La compañía vendió más de 10.5 millones de vehículos durante 2025, incluyendo Lexus, manteniéndose como líder mundial de ventas por sexto año consecutivo.
Sin embargo, vender más vehículos no garantiza necesariamente mayores márgenes.
Para Toyota, reducir costos estructurales podría convertirse en una herramienta tan importante como aumentar el volumen.

UNA TOYOTA MÁS SIMPLE
La estrategia no significa necesariamente que Toyota vaya a comenzar inmediatamente a eliminar modelos.
Kon ha indicado que la compañía está todavía identificando áreas que pueden mejorarse antes de tomar decisiones importantes sobre su catálogo.
Pero el mensaje desde la dirección comienza a ser claro.
Toyota quiere reducir variantes, simplificar componentes y eliminar procesos que aumentan los costos sin aportar suficiente valor al vehículo.
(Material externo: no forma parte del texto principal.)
(* The divisor class $D=5H-2\sum_{i=0}^5E_i-2(E_{02}+E_{03}+E_{12}+E_{13})$ on $X$ is movable, i.e. the base locus of $|D|$ contains no divisor.
   Context: Let $p_0,\dots,p_5\in\mathbb{P}^3$ be six very general points, $l_{ij}=\overline{p_ip_j}$ ($0\le i<j\le5$), and $X$ the blow-up of $\mathbb{P}^3$ at the $p_i$ followed by the blow-up of the strict transforms of the 15 lines. $\mathrm{Pic}(X)$ has basis $H$ (pullback of a plane), $E_i$ (exceptional over $p_i$), $E_{ij}$ (exceptional over $l_{ij}$). *)

(* mathcomp + multinomials (mpoly) + real-closed (complex) +
   mathcomp-analysis' reals (realType).  The ground field is C, modelled as
   R[i] = complex R for an arbitrary R : realType. *)
From HB Require Import structures.
From mathcomp Require Import all_boot all_order all_algebra.
From mathcomp Require Import reals complex.
From mathcomp Require Import mpoly.

Set Implicit Arguments.
Unset Strict Implicit.
Unset Printing Implicit Defensive.

Import GRing.Theory.
Local Open Scope ring_scope.

(* Homogeneous coordinates on P^3 : vectors in K^4 (variables 'X_0..'X_3). *)

(* The hypersurface V(f) (f homogeneous) has multiplicity >= m at the point
   [a] of P^3 (a <> 0): all partial derivatives of f of order < m vanish at a. *)
Definition pt_mult_ge (K : fieldType) (f : {mpoly K[4]}) (a : 'I_4 -> K)
    (m : nat) : Prop :=
  forall mm : 'X_{1..4}, (mdeg mm < m)%N -> (f^`M[mm]).@[a] = 0.

Definition line_mult_ge (K : fieldType) (f : {mpoly K[4]}) (a b : 'I_4 -> K)
    (m : nat) : Prop :=
  forall s t : K, pt_mult_ge f (fun k => s * a k + t * b k) m.

(* Coefficient of E_ij in -D : the prescribed multiplicity along l_ij
   (2 for l_02, l_03, l_12, l_13, and 0 for the other lines), for i < j. *)
Definition dline (i j : 'I_6) : nat :=
  if ((i == 0 :> nat) || (i == 1 :> nat)) && ((j == 2 :> nat) || (j == 3 :> nat))
  then 2 else 0.

(* Nonzero elements of H^0(X, D), D = 5H - 2 sum E_i - 2(E02+E03+E12+E13):
   nonzero quintic forms with multiplicity >= 2 at each p_i and >= dline i j
   along each l_ij.  (The members of |D| are the divisors of these forms.) *)
Definition in_linsys (K : fieldType) (p : 'I_6 -> 'I_4 -> K)
    (f : {mpoly K[4]}) : Prop :=
  [/\ f != 0, f \is 5.-homog,
      forall i, pt_mult_ge f (p i) 2
    & forall i j : 'I_6, (i < j)%N -> line_mult_ge f (p i) (p j) (dline i j)].

Definition mirreducible (K : fieldType) (g : {mpoly K[4]}) : Prop :=
  (1 < msize g)%N /\
  forall a b : {mpoly K[4]}, g = a * b -> (msize a <= 1)%N \/ (msize b <= 1)%N.

(* Prime divisors of X: strict transforms of irreducible surfaces V(g) of P^3,
   the exceptional divisors E_i, and the exceptional divisors E_ij (i<j). *)
Inductive prime_div (K : fieldType) :=
  | PStrict of {mpoly K[4]}
  | PExcPt of 'I_6
  | PExcLine of 'I_6 & 'I_6.

Definition is_prime_div (K : fieldType) (G : prime_div K) : Prop :=
  match G with
  | PStrict g => mirreducible g /\ exists d, g \is d.-homog
  | PExcPt _ => True
  | PExcLine i j => (i < j)%N
  end.

(* The member of |D| defined by f is
     f~ + sum_i (mult_{p_i} f - 2) E_i + sum_{i<j} (mult_{l_ij} f - dline i j) E_ij;
   [in_member p f G] says that the prime divisor G lies in its support. *)
Definition in_member (K : fieldType) (p : 'I_6 -> 'I_4 -> K)
    (f : {mpoly K[4]}) (G : prime_div K) : Prop :=
  match G with
  | PStrict g => exists h, f = g * h
  | PExcPt i => pt_mult_ge f (p i) 3
  | PExcLine i j => line_mult_ge f (p i) (p j) (dline i j).+1
  end.

(* D is movable: no prime divisor lies in the base locus of |D|
   (i.e. in the support of every member).  If |D| is empty this is false. *)
Definition movable (K : fieldType) (p : 'I_6 -> 'I_4 -> K) : Prop :=
  forall G : prime_div K, is_prime_div G ->
    ~ (forall f, in_linsys p f -> in_member p f G).

Definition coords (K : fieldType) (p : 'I_6 -> 'I_4 -> K) : 'I_24 -> K :=
  fun k => p (inord (k %/ 4)) (inord (k %% 4)).

(* Write H_abc for the plane through p_a, p_b, p_c, Q4 and Q5 for the quadrics
   through p_4 and p_5 of the pencil spanned by H_012 H_013 and H_023 H_123
   (they contain l_02, l_03, l_12, l_13), Q' for the quadric through p_4 of the
   pencil spanned by H_013 H_125 and H_123 H_035, and La, Lb for the planes
   through l_45 and the coordinate points [1:0:0:0], [0:1:0:0].  The quintics
     F1 = Q4 Q5 La,   F2 = Q4 Q5 Lb,   F3 = Q4 H_025 Q',   F4 = Q5 H_024 Q'
   lie in |D|: at every p_i and along l_02, l_03, l_12, l_13 two of their three
   factors vanish.  No prime divisor is a fixed component:
   - F1 or F2 has multiplicity exactly 2 at each p_i, and F1 exactly 2 along the
     four lines, since a second x0-derivative does not vanish;
   - F1 (F3 for l_45) does not vanish at the midpoint of every other line;
   - every surface meets the line x2 = x3 = 0, on which the four members have
     no common zero, by resultants of their factors.
   These nonvanishing statements are polynomial conditions on the 24
   coordinates; the polynomials are nonzero since they do not vanish at an
   explicit integer configuration. *)

From HB Require Import structures.
From mathcomp Require Import all_boot all_order all_algebra.
From mathcomp Require Import reals complex.
From mathcomp Require Import mpoly.
From mathcomp Require Import zify ring.
From mathcomp Require boolp.
Set Implicit Arguments.
Unset Strict Implicit.
Unset Printing Implicit Defensive.
Import GRing.Theory Num.Theory.
Local Open Scope ring_scope.
Lemma dotvBl x y z : dotv (x - y) z = dotv x z - dotv y z.
Proof. by rewrite !dotvE linearB /= mulmxBl mxE [X in _ + X]mxE. Qed.

Lemma dotvBr x y z : dotv x (y - z) = dotv x y - dotv x z.
Proof. by rewrite dotvC dotvBl !(dotvC x). Qed.

Lemma dotv0r x : dotv x 0 = 0.
Proof. by rewrite dotvE mulmx0 mxE. Qed.

Lemma dotv_delta x i : dotv x (delta_mx i 0) = x i 0.
Proof. by rewrite dotvE -colE !mxE. Qed.

Lemma dotv_ge0 x : 0 <= dotv x x.
Proof. by apply: sumr_ge0 => i _; rewrite -expr2 sqr_ge0. Qed.

Lemma dotv_eq0 x : (dotv x x == 0) = (x == 0).
Proof.
apply/idP/eqP => [|->]; last by rewrite dotv0r.
rewrite psumr_eq0 => [/allP x0|i _]; last by rewrite -expr2 sqr_ge0.
apply/matrixP => i j; rewrite (ord1 j) mxE.
by have /implyP/(_ isT) := x0 i (mem_index_enum i); rewrite -expr2 sqrf_eq0 => /eqP.
Qed.

Lemma sqr_coord_le_dotv x i : x i 0 ^+ 2 <= dotv x x.
Proof.
rewrite /dotv (bigD1 i) //= -expr2 lerDl.
by apply: sumr_ge0 => j _; rewrite -expr2 sqr_ge0.
Qed.

End dotv.

Section oblique_projection.
Variables (R : realType) (n : nat).
Implicit Types (W V : {vspace 'cV[R]_n}) (P : 'M[R]_n).

Lemma oblique_proj_id W (U : set 'cV[R]_n) P w :
  direct_sum_whole W U -> oblique_proj P W U -> w \in W -> P *m w = w.
Proof.
move=> [_ WU0] hP wW; have [PwW Pw_U] := hP w.
by apply/esym/eqP; rewrite -subr_eq0; apply/eqP/WU0 => //; rewrite memvB.
Qed.

Lemma oblique_proj_orth_trmx W V P x :
  oblique_proj P V (orth W) -> x \in W -> P^T *m x = x.
Proof.
move=> hP xW; apply/matrixP => i j; rewrite (ord1 j).
have [_ /(_ x xW)] := hP (delta_mx i 0).
rewrite dotvBl (dotvC (P *m _)) dotv_mulmxl => /eqP; rewrite subr_eq0.
by rewrite dotvC !dotv_delta => /eqP.
Qed.
(* Let $G$ be a finite simple bipartite graph with bipartition $(X,Y)$ such that no vertex in $X$ is adjacent to every vertex of $Y$. Then $$\sum\left(\frac{|X|d(x)-|Y|d(y)}{(|X|-d(y))(|Y|-d(x))}\;:\; x\in X,\ y\in Y,\ xy\notin E(G)\right)\geq 0.$$
   Context: $d(v)$ denotes the degree of a vertex $v$ in $G$; the sum ranges over all pairs $(x,y)$ with $x\in X$, $y\in Y$ and $x,y$ non-adjacent. *)

From mathcomp Require Import all_boot all_order all_algebra.
Set Implicit Arguments. Unset Strict Implicit. Unset Printing Implicit Defensive.

Definition simple_graph (T : finType) (e : rel T) : Prop :=
  symmetric e /\ irreflexive e.

Definition bipartition (T : finType) (e : rel T) (X Y : {set T}) : Prop :=
  [/\ X :&: Y = set0, X :|: Y = setT &
      forall u v, e u v -> (u \in X) && (v \in Y) || (u \in Y) && (v \in X)].

Definition deg (T : finType) (e : rel T) (v : T) : nat := #|[set u | e v u]|.

(** Put [n = |X|], [m = |Y|] and write [N_Z(v)] for the non-neighbours of [v]
    in [Z].  For a non-edge [xy] the summand splits as
    [m / |N_Y(x)| - n / |N_X(y)|], since [|N_Y(x)| = m - d(x)] and
    [|N_X(y)| = n - d(y)].  Grouping the first terms by [x], each [x] contributes
    [|N_Y(x)|] copies of [m / |N_Y(x)|], i.e. exactly [m] because [N_Y(x)] is
    nonempty; grouping the second terms by [y], each [y] contributes at most [n]
    (and nothing when [N_X(y)] is empty).  Hence the sum is at least
    [n m - m n = 0]. *)

From mathcomp Require Import all_boot all_order all_algebra.
From mathcomp Require Import ring.
Import Order.TTheory GRing.Theory Num.Theory.
Set Implicit Arguments.
Unset Strict Implicit.
Unset Printing Implicit Defensive.

Local Open Scope ring_scope.

Definition non_nbhd (T : finType) (e : rel T) (Z : {set T}) (v : T) : {set T} :=
  [set z in Z | ~~ e v z].

Lemma card_non_nbhd (T : finType) (e : rel T) (Z : {set T}) (v : T) :
  [set u | e v u] \subset Z -> #|non_nbhd e Z v| = (#|Z| - deg e v)%N.
Proof.
move=> sNZ; have -> : non_nbhd e Z v = Z :\: [set u | e v u].
  by apply/setP => z; rewrite !inE andbC.
by rewrite cardsD (setIidPr sNZ).
Qed.

Lemma natr_card_non_nbhd (R : nzRingType) (T : finType) (e : rel T)
    (Z : {set T}) (v : T) :
  [set u | e v u] \subset Z ->
  (#|Z|%:R - (deg e v)%:R : R) = #|non_nbhd e Z v|%:R.
Proof. by move=> sNZ; rewrite card_non_nbhd // natrB // subset_leq_card. Qed.

Lemma sumr_div_card (R : numFieldType) (T : finType) (A : {pred T}) (c : R) :
  0 <= c -> \sum_(z in A) c / #|A|%:R <= c.
Proof.
move=> c_ge0; rewrite sumr_const -(mulr_natr (c / _)).
have [->|A_neq0] := eqVneq #|A| 0%N; first by rewrite mulr0.
by rewrite divfK // pnatr_eq0.
Qed.

Lemma sumr_div_card_eq (R : numFieldType) (T : finType) (A : {pred T}) (c : R) :
  (0 < #|A|)%N -> \sum_(z in A) c / #|A|%:R = c.
Proof.
by move=> A_gt0; rewrite sumr_const -(mulr_natr (c / _)) divfK // pnatr_eq0 -lt0n.
Qed.

Lemma sub_div_complements (F : fieldType) (n m a b : F) :
  n - b != 0 -> m - a != 0 ->
  (n * a - m * b) / ((n - b) * (m - a)) = m / (m - a) - n / (n - b).
Proof. by move=> nb_neq0 ma_neq0; field; rewrite nb_neq0 ma_neq0. Qed.

Lemma bipartition_sym (T : finType) (e : rel T) (X Y : {set T}) :
  bipartition e X Y -> bipartition e Y X.
Proof.
case=> XY0 XYT e_XY; split; [by rewrite setIC | by rewrite setUC |].
by move=> u v /e_XY; rewrite orbC.
Qed.

Lemma bipartition_nbhd_sub (T : finType) (e : rel T) (X Y : {set T}) (x : T) :
  bipartition e X Y -> x \in X -> [set u | e x u] \subset Y.
Proof.
case=> XY0 _ e_XY xX; apply/subsetP => u; rewrite inE => /e_XY.
case/orP => /andP[// xY _].
by have := in_set0 x; rewrite -XY0 inE xX xY.
Qed.

Section NonEdgeSum.

Variables (R : realFieldType) (T : finType) (e : rel T) (X Y : {set T}).
Hypotheses (e_sym : symmetric e) (bipXY : bipartition e X Y).

Let bipYX := bipartition_sym bipXY.

Lemma in_non_nbhd_sym x y : (x \in non_nbhd e X y) = (x \in X) && ~~ e x y.
Proof. by rewrite inE e_sym. Qed.

Lemma non_edge_term x y : x \in X -> y \in Y -> ~~ e x y ->
  (#|X|%:R * (deg e x)%:R - #|Y|%:R * (deg e y)%:R) /
    ((#|X|%:R - (deg e y)%:R) * (#|Y|%:R - (deg e x)%:R))
  = #|Y|%:R / #|non_nbhd e Y x|%:R - #|X|%:R / #|non_nbhd e X y|%:R :> R.
Proof.
move=> xX yY nxy.
have NxY := bipartition_nbhd_sub bipXY xX; have NyX := bipartition_nbhd_sub bipYX yY.
rewrite sub_div_complements !natr_card_non_nbhd // pnatr_eq0 -lt0n;
  apply/card_gt0P; [exists x; rewrite in_non_nbhd_sym | exists y; rewrite inE];
  exact/andP.
Qed.

Lemma sum_non_edges_row :
  (forall x, x \in X -> exists2 y, y \in Y & ~~ e x y) ->
  \sum_(x in X) \sum_(y in Y | ~~ e x y) (#|Y|%:R / #|non_nbhd e Y x|%:R : R)
  = #|Y|%:R *+ #|X|.
Proof.
move=> X_nonfull; rewrite -(sumr_const [in X]); apply: eq_bigr => x xX.
rewrite (eq_bigl [in non_nbhd e Y x]) => [|y]; last by rewrite inE.
apply/sumr_div_card_eq/card_gt0P.
by have [y yY nxy] := X_nonfull x xX; exists y; rewrite inE yY.
Qed.

Lemma sum_non_edges_col_le :
  \sum_(x in X) \sum_(y in Y | ~~ e x y) (#|X|%:R / #|non_nbhd e X y|%:R : R)
  <= #|X|%:R *+ #|Y|.
Proof.
rewrite (exchange_big_dep [in Y]) /= => [|x y _ /andP[] //].
rewrite -(sumr_const [in Y]); apply: ler_sum => y yY.
rewrite (eq_bigl [in non_nbhd e X y]) => [|x]; last by rewrite in_non_nbhd_sym yY.
exact: sumr_div_card.
Qed.

End NonEdgeSum.

Theorem proposition6p2 (R : realFieldType) (T : finType) (e : rel T)
    (X Y : {set T}) :
  simple_graph e -> bipartition e X Y ->
  (forall x, x \in X -> exists2 y, y \in Y & ~~ e x y) ->
  0 <= \sum_(x in X) \sum_(y in Y | ~~ e x y)
         ((#|X|%:R * (deg e x)%:R - #|Y|%:R * (deg e y)%:R) /
          ((#|X|%:R - (deg e y)%:R) * (#|Y|%:R - (deg e x)%:R)) : R).
Proof.
move=> [e_sym _] bipXY X_nonfull.
rewrite (eq_bigr (fun x => \sum_(y in Y | ~~ e x y)
    (#|Y|%:R / #|non_nbhd e Y x|%:R - #|X|%:R / #|non_nbhd e X y|%:R))).
  rewrite (eq_bigr _ (fun x _ => sumrB _ _ _ _)) sumrB subr_ge0.
  rewrite sum_non_edges_row //.
  apply: le_trans (sum_non_edges_col_le R X Y e_sym) _.
  by rewrite -!mulrnA mulnC.
move=> x xX; apply: eq_bigr => y /andP[yY nxy].
exact: non_edge_term.
Qed.
Lemma ltW_trans a b c : ltW a b -> ltW b c -> ltW a c.
Proof.
move=> [ab nab] [bc nbc]; split; first exact: R_trans ab bc.
by move=> E; subst c; apply: nab; exact: R_anti ab bc.
Qed.

Lemma ltW_tot a b : a = b \/ ltW a b \/ ltW b a.
Proof.
have [->|ne] := EM (a = b); first by left.
have /orP[ab|ba] := wo_chainW HRC (isT : a \in predT) (isT : b \in predT).
- by right; left.
- by right; right; split=> // E; apply: ne.
Qed.

Inductive bounded := bot | inner of W | top.

Definition lt_bounded (i j : bounded) : Prop :=
  match i, j with
  | bot, inner _ => True | bot, top => True
  | inner a, inner b => ltW a b | inner _, top => True
  | _, _ => False end.

Lemma bounded_wo : is_wellorder lt_bounded.
Proof.
have acc_bot : Acc lt_bounded bot by constructor=> j; case: j => [|b|] /= [].
have acc_inner a : Acc lt_bounded (inner a).
  elim: (ltW_wf a) => {}a _ IH; constructor=> j.
  by case: j => [|b|] /= h; [exact: acc_bot|exact: IH|case: h].
split; last split.
- case=> [|a|]; [exact: acc_bot|exact: acc_inner|].
  by constructor=> j; case: j => [|b|] /= h; [exact: acc_bot|exact: acc_inner|case: h].
- by case=> [|a|] [|b|] [|c|] //=; exact: ltW_trans.
- case=> [|a|] [|b|] /=; try by [left|right; left|right; right].
  by case: (ltW_tot a b) => [->|[h|h]]; [left|right; left|right; right].
Qed.

Lemma bot_least i : wle lt_bounded bot i.
Proof. by case: i => [|a|]; [left|right|right]. Qed.
End BoundedWellOrder.
Arguments bot {W}.
Arguments top {W}.

Lemma sop_le m n (c : sop m n) (i j : 'I_m.+1) : i <= j -> sop_fun c i <= sop_fun c j.
Proof.
move=> hij; have := sop_mono c.
by move/forallP => /(_ i) /forallP /(_ j) /implyP /(_ hij).
Qed.

Lemma sop_compE k m n (a : sop m n) (b : sop k m) i :
  sop_fun (sop_comp a b) i = sop_fun a (sop_fun b i).
Proof. by rewrite /= ffunE. Qed.

Lemma mksop_mono m n (F : nat -> nat) (HF : forall i j, i <= j -> F i <= F j) :
  [forall i : 'I_m.+1, forall j : 'I_m.+1,
     (i <= j) ==> (([ffun v : 'I_m.+1 => inord (minn (F v) n)] : {ffun 'I_m.+1 -> 'I_n.+1}) i
                   <= ([ffun v : 'I_m.+1 => inord (minn (F v) n)] : {ffun 'I_m.+1 -> 'I_n.+1}) j)].
Proof.
apply/forallP=> i; apply/forallP=> j; apply/implyP=> hij; rewrite !ffunE.
rewrite !inordK ?ltnS ?geq_minr //.
have := HF _ _ hij; lia.
Qed.

Definition mksop m n (F : nat -> nat) (HF : forall i j, i <= j -> F i <= F j) : sop m n :=
  Sop (mksop_mono m n HF).

Lemma mksopE m n F HF (i : 'I_m.+1) :
  nat_of_ord (sop_fun (@mksop m n F HF) i) = minn (F i) n.
Proof. by rewrite /= ffunE inordK // ltnS geq_minr. Qed.

Definition cnat m n (c : sop m n) (v : nat) : nat :=
  nat_of_ord (sop_fun c (inord (minn v m))).

Lemma cnat_mono m n (c : sop m n) v w : v <= w -> cnat c v <= cnat c w.
Proof. by move=> h; apply: sop_le; rewrite !inordK ?ltnS ?geq_minr //; lia. Qed.

Lemma cnat_le m n (c : sop m n) v : cnat c v <= n.
Proof. by rewrite /cnat -ltnS. Qed.

Lemma cnatE m n (c : sop m n) (i : 'I_m.+1) : cnat c i = sop_fun c i.
Proof.
rewrite /cnat; congr (nat_of_ord (sop_fun c _)); apply: val_inj.
by rewrite /= inordK; have := ltn_ord i; lia.
Qed.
En una industria donde el desarrollo de software, electrificación y nuevas baterías requiere inversiones multimillonarias, ahorrar incluso pequeñas cantidades por vehículo puede representar cientos de millones de dólares cuando se multiplica por más de diez millones de unidades anuales.
La reducción de piezas podría parecer una modificación relativamente sencilla, pero aplicada a la escala de Toyota puede convertirse en una de las herramientas más importantes para proteger sus márgenes durante los próximos años.